--- Data extracts ---
Lemma young_pow (x y : R) (n : nat) : 0 <= x -> 0 <= y ->
  n.+1%:R * (x * y ^+ n) <= x ^+ n.+1 + n%:R * y ^+ n.+1.
Proof.
move=> x_ge0 y_ge0; elim: n => [|n IH].
  by rewrite !expr0 !expr1 mulr1 mul1r mul0r addr0.
have mono : 0 <= (x - y) * (x ^+ n.+1 - y ^+ n.+1).
  have [xy|/ltW yx] := lerP x y.
    by rewrite mulr_le0 ?subr_le0 // lerXn2r.
  by rewrite mulr_ge0 ?subr_ge0 // lerXn2r.
have := ler_wpM2r y_ge0 IH; move: mono.
rewrite (exprS x n.+1) !(exprS y n.+1) (exprS y n) -!natr1.
set X := x ^+ n.+1; set Z := y ^+ n.
nra.
Qed.

Lemma exists_pos_lower_bound (I : finType) (Q : pred I) (F : I -> R) :
  (forall i, Q i -> 0 < F i) -> exists2 m, 0 < m & forall i, Q i -> m <= F i.
Proof.
move=> F_gt0; pose S := \sum_(i | Q i) (F i)^-1.
have S_ge0 : 0 <= S by apply: sumr_ge0 => i /F_gt0 /ltW; rewrite invr_ge0.
exists (1 + S)^-1 => [|i Qi]; first by rewrite invr_gt0; lra.
have Fi_gt0 := F_gt0 i Qi.
have : (F i)^-1 <= S.
  by rewrite /S (bigD1 i) //= lerDl sumr_ge0 // => j /andP[/F_gt0/ltW]; rewrite invr_ge0.
by rewrite -[F i]invrK lef_pV2 ?posrE ?invr_gt0 //; lra.
Qed.

Lemma exists_large_term (I : finType) (Q : pred I) (x : I -> R) (s : R) :
  0 < s -> s <= \sum_(i | Q i) x i -> exists2 i, Q i & s <= #|I|%:R * x i.
Proof.
move=> s_gt0 s_le; have [//|no_large] := pselect (exists2 i, Q i & s <= #|I|%:R * x i).
have small i : Q i -> #|I|%:R * x i < s.
  by move=> Qi; rewrite ltNge; apply/negP => large; apply: no_large; exists i.
have [i Qi|Q0] := pickP Q; last by move: s_le; rewrite big_pred0 //; lra.
have : \sum_(i | Q i) #|I|%:R * x i < \sum_(i | Q i) s.
  by apply: ltr_sum => //; apply/hasP; exists i; rewrite ?mem_index_enum.
rewrite -mulr_sumr sumr_const.
have : #|Q|%:R <= #|I|%:R :> R by rewrite ler_nat max_card.
have := ler_wpM2l (ler0n R #|I|) s_le.
nra.
Qed.

Lemma cvg_upper_envelope {T S : Type} (F : set_system T) (G : set_system S)
    {FF : Filter F} {PG : ProperFilter G} (u : T -> R) (w : S -> R) (l : R) :
  w @ G --> l -> (\forall s \near G, \forall t \near F, l <= u t <= w s) ->
  u @ F --> l.
Proof.
move=> w_l u_between; apply/cvgrPdist_le => e e_gt0.
have w_near : \forall s \near G, w s <= l + e by apply: cvgr_le w_l _ _; rewrite ltrDl.
have [s [/filterS u_near w_s]] := filter_ex (filterS2 _ (fun s a b => conj a b) u_between w_near).
apply: u_near => t /andP[lu uw]; rewrite ler_distlC; apply/andP; split; lra.
Qed.

Lemma ratio_bound_cvg1 (K k : R) :
  (fun eta => ((1 + eta) ^+ 2 + K * eta) / ((1 - k * eta) * (1 - eta))) @ (0 : R)^'+ --> (1 : R).
Proof.
apply: cvg_at_right_filter.
have sq : (1 + eta) ^+ 2 @[eta --> (0 : R)] --> ((1 + 0) ^+ 2 : R).
  apply: (continuous_comp (f := fun eta : R => 1 + eta) (g := fun y => y ^+ 2)).
    by apply: cvgD; [exact: cvg_cst|exact: cvg_id].
  exact: exprn_continuous.
have num : (1 + eta) ^+ 2 + K * eta @[eta --> (0 : R)] --> ((1 + 0) ^+ 2 + K * 0 : R).
  by apply: cvgD => //; apply: cvgM; [exact: cvg_cst|exact: cvg_id].
have lin (b : R) : 1 - b * eta @[eta --> (0 : R)] --> (1 - b * 0 : R).
  by apply: cvgB; [exact: cvg_cst|apply: cvgM; [exact: cvg_cst|exact: cvg_id]].
have den : (1 - k * eta) * (1 - eta) @[eta --> (0 : R)] --> ((1 - k * 0) * (1 - 1 * 0) : R).
  by under eq_fun do rewrite -[X in _ * (1 - X)]mul1r; apply: cvgM; exact: lin.
have den_ne0 : (1 - k * 0) * (1 - 1 * 0) != 0 :> R.
  by rewrite !(mulr0, subr0) mulr1 oner_neq0.
have := cvgM num (cvgV den_ne0 den).
rewrite !(mulr0, addr0, subr0) expr1n mulr1 invr1 mulr1; apply.
Qed.

End RealFacts.

Section Flows.
Variables (R : realType) (V E P : finType) (tail head : E -> V) (orig dest : V).
Variable pe : P -> seq E.

Lemma load_itv M (g : P -> R) e : feasible M g -> 0 <= load pe g e <= M.
Proof. by case=> g_ge0 g_sum; rewrite sumr_ge0 //= -g_sum sumr_pred_le. Qed.

Lemma load_scale (k : R) (g : P -> R) e : load pe (fun p => k * g p) e = k * load pe g e.
Proof. by rewrite /load mulr_sumr. Qed.

Lemma sum_load_mul (g : P -> R) (w : E -> R) :
  \sum_e load pe g e * w e = \sum_p g p * \sum_(e in pe p) w e.
Proof.
rewrite /load; under eq_bigr do rewrite big_distrl /= big_mkcond /=.
rewrite exchange_big /=; apply: eq_bigr => p _.
rewrite mulr_sumr [RHS]big_mkcond /=; apply: eq_bigr => e _.
by case: ifP; rewrite ?mul0r ?mulr0.
Qed.

Definition path_flow (M : R) (p : P) : P -> R := fun q => M * (q == p)%:R.

Lemma path_flow_feasible M p : 0 <= M -> feasible M (path_flow M p).
Proof.
move=> M_ge0; split=> [q|]; first by rewrite mulr_ge0.
by rewrite -mulr_sumr (bigD1 p) //= eqxx big1 ?addr0 ?mulr1 // => q /negbTE ->.
Qed.

Lemma load_path_flow M p e : load pe (path_flow M p) e = M * (e \in pe p)%:R.
Proof.
rewrite /load /path_flow -mulr_sumr big_mkcond (bigD1 p) //= eqxx big1 ?addr0.
  by case: (e \in pe p).
by move=> q /negbTE ->; case: ifP.
Qed.

Lemma sum_has_le_sum_load (S : pred E) (g : P -> R) : (forall p, 0 <= g p) ->
  \sum_(p | has S (pe p)) g p <= \sum_(e | S e) load pe g e.
Proof.
move=> g_ge0.
have -> : \sum_(e | S e) load pe g e = \sum_e load pe g e * (S e)%:R.
  by rewrite big_mkcond; apply: eq_bigr => e _; case: (S e); rewrite ?mulr1 ?mulr0.
rewrite sum_load_mul big_mkcond /=; apply: ler_sum => p _.
case: ifPn => [/hasP[e e_p Se]|_]; last by rewrite mulr_ge0 ?sumr_ge0.
by rewrite -[leLHS]mulr1 ler_wpM2l // (bigD1 e) //= Se lerDl sumr_ge0.
Qed.

Variable c : E -> R -> R.
Hypothesis paths_ok : valid_paths tail head orig dest pe.

Lemma path_cost_mem (f : P -> R) p :
  path_cost pe c f p = \sum_(e in pe p) c e (load pe f e).
Proof.
have [_ _ /(_ p)/and4P[_ _ _]] := paths_ok; rewrite /= => /andP[_ /map_uniq uniq_p].
by rewrite /path_cost big_uniq.
Qed.

Lemma social_cost_paths (f : P -> R) :
  social_cost pe c f = \sum_p f p * path_cost pe c f p.
Proof. by rewrite /social_cost sum_load_mul; under [RHS]eq_bigr do rewrite path_cost_mem. Qed.

Lemma wardrop_social_cost_le M (f g : P -> R) : 0 < M ->
  wardrop_eq pe c M f -> feasible M g ->
  social_cost pe c f <= \sum_e load pe g e * c e (load pe f e).
Proof.
move=> M_gt0 [[f_ge0 f_sum] f_wardrop] [g_ge0 g_sum].
have [p0 fp0_gt0] : exists p0, 0 < f p0.
  apply/not_existsP => f_le0; suff : \sum_p f p = 0 by lra.
  by apply: big1 => p _; apply/eqP; rewrite eq_le f_ge0 andbT leNgt; apply/negP/f_le0.
pose lam := path_cost pe c f p0.
have eq_cost p : f p * path_cost pe c f p = f p * lam.
  have [fp0|fp_gt0] := eqVneq (f p) 0; first by rewrite fp0 !mul0r.
  have fp_pos : 0 < f p by rewrite lt_def fp_gt0 f_ge0.
  by rewrite /lam; congr (_ * _); apply/le_anti; rewrite !f_wardrop.
rewrite social_cost_paths (eq_bigr _ (fun p _ => eq_cost p)) -mulr_suml f_sum -g_sum mulr_suml.
rewrite sum_load_mul; apply: ler_sum => p _.
by rewrite -path_cost_mem ler_wpM2l ?f_wardrop.
Qed.

Hypothesis cost_ge0 : forall e x, 0 <= x -> 0 <= c e x.

Lemma social_cost_ge0 M (g : P -> R) : feasible M g -> 0 <= social_cost pe c g.
Proof.
move=> g_feas; apply: sumr_ge0 => e _; have /andP[load_ge0 _] := load_itv e g_feas.
by rewrite mulr_ge0 ?cost_ge0.
Qed.

Lemma Opt_le M (g : P -> R) : feasible M g -> Opt pe c M <= social_cost pe c g.
Proof.
move=> g_feas; apply: ge_inf; last by exists g.
by exists 0 => _ [h h_feas <-]; exact: social_cost_ge0 h_feas.
Qed.

Lemma Opt_ge M (b : R) (g0 : P -> R) : feasible M g0 ->
  (forall g, feasible M g -> b <= social_cost pe c g) -> b <= Opt pe c M.
Proof.
move=> g0_feas b_le; apply: lb_le_inf; first by exists (social_cost pe c g0), g0.
by move=> _ [g g_feas <-]; exact: b_le.
Qed.

Lemma PoA_ge1 M (f : P -> R) : wardrop_eq pe c M f -> 1 <= PoA pe c M f.
Proof.
move=> [f_feas _]; rewrite /PoA; case: ifP => // Opt_gt0.
by rewrite ler_pdivlMr // mul1r Opt_le.
Qed.

Lemma PoA_le M (f : P -> R) (b : R) : wardrop_eq pe c M f -> 0 < b ->
  (forall g, feasible M g -> b <= social_cost pe c g) ->
  PoA pe c M f <= social_cost pe c f / b.
Proof.
move=> [f_feas _] b_gt0 b_le; have b_Opt := Opt_ge f_feas b_le.
have Opt_gt0 := lt_le_trans b_gt0 b_Opt.
by rewrite /PoA Opt_gt0 ler_wpM2l ?(social_cost_ge0 f_feas) // lef_pV2 ?posrE.
Qed.

Lemma PoA_eq1 M (f : P -> R) : wardrop_eq pe c M f -> social_cost pe c f <= 0 ->
  PoA pe c M f = 1.
Proof.
move=> [f_feas _] f_le0; rewrite /PoA ltNge (le_trans (Opt_le f_feas) f_le0) //.
Qed.

End Flows.

Section LightTraffic.
Variables (R : realType) (V E P : finType) (tail head : E -> V) (orig dest : V).
Variables (pe : P -> seq E) (c : E -> R -> R).
Hypothesis paths_ok : valid_paths tail head orig dest pe.
Hypothesis cost_ge0 : forall e x, 0 <= x -> 0 <= c e x.
Variables (a : E -> R) (d : E -> nat).
Hypothesis a_ge0 : forall e, 0 <= a e.
Hypothesis c_leading : forall e, leading_term (c e) (a e) (d e).

Definition close_to_leading (eta M : R) : Prop :=
  M <= 1 /\ forall e, a e * M <= eta /\
    forall y, 0 <= y <= M -> `|c e y - a e * y ^+ d e| <= eta * a e * y ^+ d e.

Lemma close_to_leading_near eta : 0 < eta ->
  \forall M \near (0 : R)^'+, close_to_leading eta M.
Proof.
move=> eta_gt0.
have edge_close e : \forall M \near (0 : R)^'+, a e * M <= eta /\
    forall y, 0 <= y <= M -> `|c e y - a e * y ^+ d e| <= eta * a e * y ^+ d e.
  have [rho rho_gt0 rho_close] := c_leading e eta_gt0.
  have a1_gt0 : 0 < a e + 1 by have := a_ge0 e; lra.
  near=> M; split.
    have : M < eta / (a e + 1) by near: M; apply: nbhs_right_lt; rewrite divr_gt0.
    by rewrite ltr_pdivlMr // => M_lt; have := a_ge0 e; nra.
  have M_rho : M < rho by near: M; exact: nbhs_right_lt.
  by move=> y /andP[y_ge0 y_le]; apply: rho_close; rewrite y_ge0 (le_lt_trans y_le).
by apply: filterS2 _ (nbhs_right_le ltr01) (filter_forall _ edge_close) => M M_le1 close_M.
Unshelve. all: by end_near.
Qed.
---
◆ **Work item**
Check each line of the data for "Section". Copy the lines where it turns up.

◆ **Answer below**
Section Flows.
Section LightTraffic.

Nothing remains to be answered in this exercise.